EXERCISE GOAL:
From the entries that follow, extract each line holding the string "exprM".

Stored data
——————

Definition aba {T : Type} (mul : T -> T -> T) (a b : T) : T := mul (mul a b) a.

(* Hrow mul a b m = ([m+1,1], [m+1,2], [m+1,3], [m+1,4]) *)
Fixpoint Hrow {T : Type} (mul : T -> T -> T) (a b : T) (m : nat) : T * T * T * T :=
  match m with
  | O => (a, mul a b, mul b a, b)
  | S m' =>
      match Hrow mul a b m' with
      | (x1, x2, x3, x4) => (mul x1 x2, mul x2 x4, mul x3 x1, mul x4 x3)
      end
  end.

(* the element [t,k] = tk, for t >= 1 and k in {1,2,3,4} *)
Definition elt {T : Type} (mul : T -> T -> T) (a b : T) (t k : nat) : T :=
  match Hrow mul a b (t - 1) with
  | (x1, x2, x3, x4) =>
      match k with 1 => x1 | 2 => x2 | 3 => x3 | _ => x4 end
  end.

Definition inH {T : Type} (mul : T -> T -> T) (a b : T) (t : nat) (x : T) : Prop :=
  exists k, 1 <= k <= 4 /\ x = elt mul a b t k.

From Stdlib Require Import Arith.
From HB Require Import structures.
From mathcomp Require Import all_boot all_algebra ring zify.
From mathcomp Require Import boolp complex.

Set Implicit Arguments.
Unset Strict Implicit.
Unset Printing Implicit Defensive.

Import GRing.Theory.
Local Open Scope ring_scope.

(* Take o = aba as origin.  By the Bruck-Toyoda construction x + y = (x/o)(o\y),
   the medial idempotent quasigroup Q becomes an abelian group in which
   xy = R x + L y for the commuting automorphisms R = (. o) and L = (o .);
   idempotence gives R + L = 1 and (ox)(xo) = x gives 2RL = 1.  Hence i = R - L
   squares to -1, Q is a 2-torsion-free Z[i]-module, 2(xy) = (1+i)x + (1-i)y,
   b = -a, and the row Ht consists of the unit multiples of (1+i)^(t-1) a.
   Suppose Q = {o} u H1 u ... u H6 with disjoint rows and put pi = 1 + i.
   Cancelling powers of pi in the row containing pi^6 a gives pi^6 a = w a for a
   unit w, so z^24 a = a whenever z a <> 0 and the annihilator of a is prime.
   As pi^6 = -8i, it contains (2+i)(2+3i), 9, (2-i)(2-3i) or 7.  Each of 2 +- i,
   2 +- 3i and 3 divides some pi^e - w with 1 <= e <= 5, which would merge two
   rows, and 7 is impossible because (2+i)^24 = -1 mod 7. *)

Section SixLayers.
Variables (G : comNzRingType) (i : G).
Hypothesis sqr_i : i ^+ 2 = -1.
Local Notation π := (1 + i).

Lemma unit_cases k : [\/ i ^+ k = 1, i ^+ k = i, i ^+ k = -1 | i ^+ k = - i].
Proof.
elim: k => [|k IHk]; first by constructor 1.
by rewrite exprS; case: IHk => ->; [constructor 2|constructor 3|constructor 4|constructor 1];
  ring: sqr_i.
Qed.

Lemma unit_exp4 k : (i ^+ k) ^+ 4 = 1.
Proof.
by rewrite -exprM mulnC exprM (_ : i ^+ 4 = 1) ?expr1n //; ring: sqr_i.
Qed.

Variables (M : lmodType G) (a : M).
Hypothesis double_inj : injective (fun x : M => x *+ 2).
Hypothesis layers_cover :
  forall x : M, x = 0 \/ exists k s, (s <= 5)%N /\ x = (i ^+ k * π ^+ s) *: a.
Hypothesis layers_disjoint :
  forall k e, (0 < e <= 5)%N -> π ^+ e *: a <> i ^+ k *: a.

Lemma scale_pi_inj : injective (fun x : M => π *: x).
Proof.
move=> x y /(congr1 (fun v => (1 - i) *: v)) /=.
rewrite !scalerA (_ : (1 - i) * π = 2%:R); last by ring: sqr_i.
by rewrite !scaler_nat => /double_inj.
Qed.

Lemma scale_pi_exp_inj s : injective (fun x : M => π ^+ s *: x).
Proof.
elim: s => [|s IHs] x y /=; first by rewrite !scale1r.
by rewrite exprS -!scalerA => /scale_pi_inj/IHs.
Qed.

Lemma generator_neq0 : a <> 0.
Proof. by move=> a0; apply: (@layers_disjoint 0 1) => //; rewrite a0 !scaler0. Qed.

Lemma pi6_unit : exists k, π ^+ 6 *: a = i ^+ k *: a.
Proof.
case: (layers_cover (π ^+ 6 *: a)) => [pi6a0 | [k [s [le_s5 pi6a]]]].
  by case: generator_neq0; apply: (scale_pi_exp_inj (s := 6)); rewrite /= pi6a0 scaler0.
case: s le_s5 pi6a => [|s] le_s5 pi6a; first by exists k; rewrite pi6a mulr1.
exfalso; move: pi6a.
have -> : π ^+ 6 = π ^+ s.+1 * π ^+ (5 - s) by rewrite -exprD; congr (_ ^+ _); lia.
rewrite [i ^+ k * _]mulrC -!scalerA => /(scale_pi_exp_inj (s := s.+1)) /=.
by apply: (@layers_disjoint k (5 - s)); lia.
Qed.

Lemma scale_exp_congr (z w : G) (x : M) n :
  z *: x = w *: x -> z ^+ n *: x = w ^+ n *: x.
Proof.
move=> zw; elim: n => [|n IHn]; first by rewrite !expr0.
by rewrite exprSr -scalerA zw scalerA mulrC -scalerA IHn scalerA -exprS.
Qed.

Lemma exp24_fixes z : z *: a = 0 \/ z ^+ 24 *: a = a.
Proof.
case: (layers_cover (z *: a)) => [|[k [s [_ za]]]]; [by left | right].
have [k0 pi6] := pi6_unit.
have pi24 : π ^+ 24 *: a = 1 *: a.
  by rewrite (exprM π 6 4) (scale_exp_congr 4 pi6) unit_exp4.
rewrite (scale_exp_congr 24 za) exprMn (exprM _ 4 6) unit_exp4 expr1n mul1r.
by rewrite -exprM mulnC exprM (scale_exp_congr s pi24) expr1n scale1r.
Qed.

Lemma annihilator_prime z w : (z * w) *: a = 0 -> z *: a = 0 \/ w *: a = 0.
Proof.
move=> zw0; case: (exp24_fixes z) => [|z24]; [by left | right].
rewrite -z24 scalerA (_ : w * z ^+ 24 = z ^+ 23 * (z * w)); last by ring.
by rewrite -scalerA zw0 scaler0.
Qed.

Lemma layer_gap_divisor_neq0 z c e k :
  (0 < e <= 5)%N -> π ^+ e - i ^+ k = c * z -> z *: a <> 0.
Proof.
move=> e_5 gapE za0; apply: (@layers_disjoint k e e_5); apply/eqP.
by rewrite -subr_eq0 -scalerBl gapE -scalerA za0 scaler0.
Qed.

(* (2 + i)^24 = -1 mod 7, whereas exp24_fixes forces (2 + i)^24 a = a. *)
Lemma seven_neq0 : 7 *: a <> 0.
Proof.
move=> seven_a; have mul7 c : (c * 7) *: a = 0 by rewrite -scalerA seven_a scaler0.
have [|fix24] := exp24_fixes (2 + i).
  by apply: (layer_gap_divisor_neq0 (c := 1) (e := 1) (k := 2)) => //; ring: sqr_i.
have pow4 : (2 + i) ^+ 4 *: a = (3 * i) *: a.
  apply/eqP; rewrite -subr_eq0 -scalerBl.
  by rewrite (_ : _ - _ = (-1 + 3 * i) * 7) ?mul7 //; ring: sqr_i.
have := scale_exp_congr 6 pow4; rewrite -exprM fix24.
rewrite (_ : (3 * i) ^+ 6 = -1 + (- 104) * 7); last by ring: sqr_i.
rewrite scalerDl mul7 addr0 scaleN1r => a_opp.
by apply: generator_neq0; apply: double_inj; rewrite /= mul0rn mulr2n {1}a_opp addNr.
Qed.

Lemma six_layers_contradiction : False.
Proof.
have [k0 pi6] := pi6_unit.
have pi6_factor z w : π ^+ 6 - i ^+ k0 = z * w -> z *: a = 0 \/ w *: a = 0.
  by move=> pi6E; apply: annihilator_prime; rewrite -pi6E scalerBl pi6 subrr.
case: (unit_cases k0) => ik0.
- have [] : (2 + i) *: a = 0 \/ (- (2 + 3 * i)) *: a = 0.
    by apply: pi6_factor; rewrite ik0; ring: sqr_i.
  + by apply: (layer_gap_divisor_neq0 (c := 1) (e := 1) (k := 2)) => //; ring: sqr_i.
  + by apply: (layer_gap_divisor_neq0 (c := - i) (e := 3) (k := 0)) => //; ring: sqr_i.
- have [] : 3 *: a = 0 \/ (3 * - i) *: a = 0.
    by apply: pi6_factor; rewrite ik0; ring: sqr_i.
  + by apply: (layer_gap_divisor_neq0 (c := i) (e := 2) (k := 3)) => //; ring: sqr_i.
  + by apply: (layer_gap_divisor_neq0 (c := -1) (e := 2) (k := 3)) => //; ring: sqr_i.
- have [] : (2 - i) *: a = 0 \/ (2 - 3 * i) *: a = 0.
    by apply: pi6_factor; rewrite ik0; ring: sqr_i.
  + by apply: (layer_gap_divisor_neq0 (c := i) (e := 2) (k := 2)) => //; ring: sqr_i.
  + by apply: (layer_gap_divisor_neq0 (c := -1) (e := 3) (k := 3)) => //; ring: sqr_i.
- have [] : 7 *: a = 0 \/ (- i) *: a = 0.
    by apply: pi6_factor; rewrite ik0; ring: sqr_i.
  + exact: seven_neq0.
  + by apply: (layer_gap_divisor_neq0 (c := -1) (e := 1) (k := 0)) => //; ring: sqr_i.
Qed.

End SixLayers.

(* [complex R] is a ring only for a field R, so the Gaussian integers get their
   ring structure on an alias. *)
Definition gaussint : Type := int[i].
HB.instance Definition _ := GRing.Zmodule.on gaussint.

Fact gaussint_mul1 : left_id (Complex 1 0 : gaussint) (@ComplexField.mulc int).
Proof. by case=> a b /=; rewrite !mul1r !mul0r subr0 addr0. Qed.

Fact gaussint_mulDl : left_distributive (@ComplexField.mulc int) (@GRing.add gaussint).
Proof. by case=> [a b] [c d] [e f] /=; congr (Complex _ _); ring. Qed.

Fact gaussint_one_neq0 : (Complex 1 0 : gaussint) != 0.
Proof. by []. Qed.

HB.instance Definition _ := GRing.Zmodule_isComNzRing.Build gaussint
  (@ComplexField.mulcA int) (@ComplexField.mulcC int)
  gaussint_mul1 gaussint_mulDl gaussint_one_neq0.

Definition gi : gaussint := Complex 0 1.

Lemma sqr_gi : gi ^+ 2 = -1.
Proof. by []. Qed.

Local Notation π := (1 + gi).

Section QuadraticalQuasigroup.
Variables (T : Type) (m : T -> T -> T).
Hypothesis ldiv_unique : forall x y, exists! z, m x z = y.
Hypothesis rdiv_unique : forall x y, exists! z, m z x = y.
Hypothesis quadratical : forall x y z, m (m x y) x = m (m z x) (m y z).

Lemma mulqI x : injective (m x).
Proof.
move=> y z myz; have [u [_ uniq_u]] := ldiv_unique x (m x y).
by rewrite -(uniq_u y) // (uniq_u z).
Qed.

Lemma mulIq x : injective (m^~ x).
Proof.
move=> y z myz; have [u [_ uniq_u]] := rdiv_unique x (m y x).
by rewrite -(uniq_u y) // (uniq_u z).
Qed.

Lemma mulqq x : m x x = x.
Proof. by apply: (@mulqI (m x x)); rewrite -quadratical. Qed.

Lemma mulq_swapK x y : m (m y x) (m x y) = x.
Proof. by rewrite -quadratical !mulqq. Qed.

Lemma mulq_flex_sym x y : m (m x y) x = m (m y x) y.
Proof. by rewrite (quadratical x y y) mulqq. Qed.

Lemma mulq_flex x y : m (m x y) x = m x (m y x).
Proof. by rewrite (quadratical x y x) mulqq. Qed.

Lemma mulq_exchange w q x z : m w q = m x z -> m q x = m z w.
Proof.
move=> wq_xz; set p := m w q; set A := m q w; set B := m z x.
have pA : m p A = q by rewrite mulq_swapK.
have Ap : m A p = w by rewrite mulq_swapK.
have pB : m p B = z by rewrite /p wq_xz mulq_swapK.
have Bp : m B p = x by rewrite /p wq_xz mulq_swapK.
by rewrite -pA -Ap -pB -Bp -!quadratical mulq_flex_sym.
Qed.

Lemma mulq_medial x y z w : m (m x y) (m z w) = m (m x z) (m y w).
Proof.
have [b [bx _]] := rdiv_unique x (m z w).
have [q [wq _]] := ldiv_unique w (m x z).
have qb : q = b by apply: (@mulIq x); rewrite bx; apply: mulq_exchange.
by rewrite -bx -wq -!quadratical qb mulq_flex_sym.
Qed.

Section AffineGroup.
Variable o : T.

Definition qgroup : Type := T.
HB.instance Definition _ := gen_eqMixin qgroup.
HB.instance Definition _ := gen_choiceMixin qgroup.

——————

OUTPUT OF THE EXERCISE:
by rewrite -exprM mulnC exprM (_ : i ^+ 4 = 1) ?expr1n //; ring: sqr_i.
  by rewrite (exprM π 6 4) (scale_exp_congr 4 pi6) unit_exp4.
rewrite (scale_exp_congr 24 za) exprMn (exprM _ 4 6) unit_exp4 expr1n mul1r.
by rewrite -exprM mulnC exprM (scale_exp_congr s pi24) expr1n scale1r.
have := scale_exp_congr 6 pow4; rewrite -exprM fix24.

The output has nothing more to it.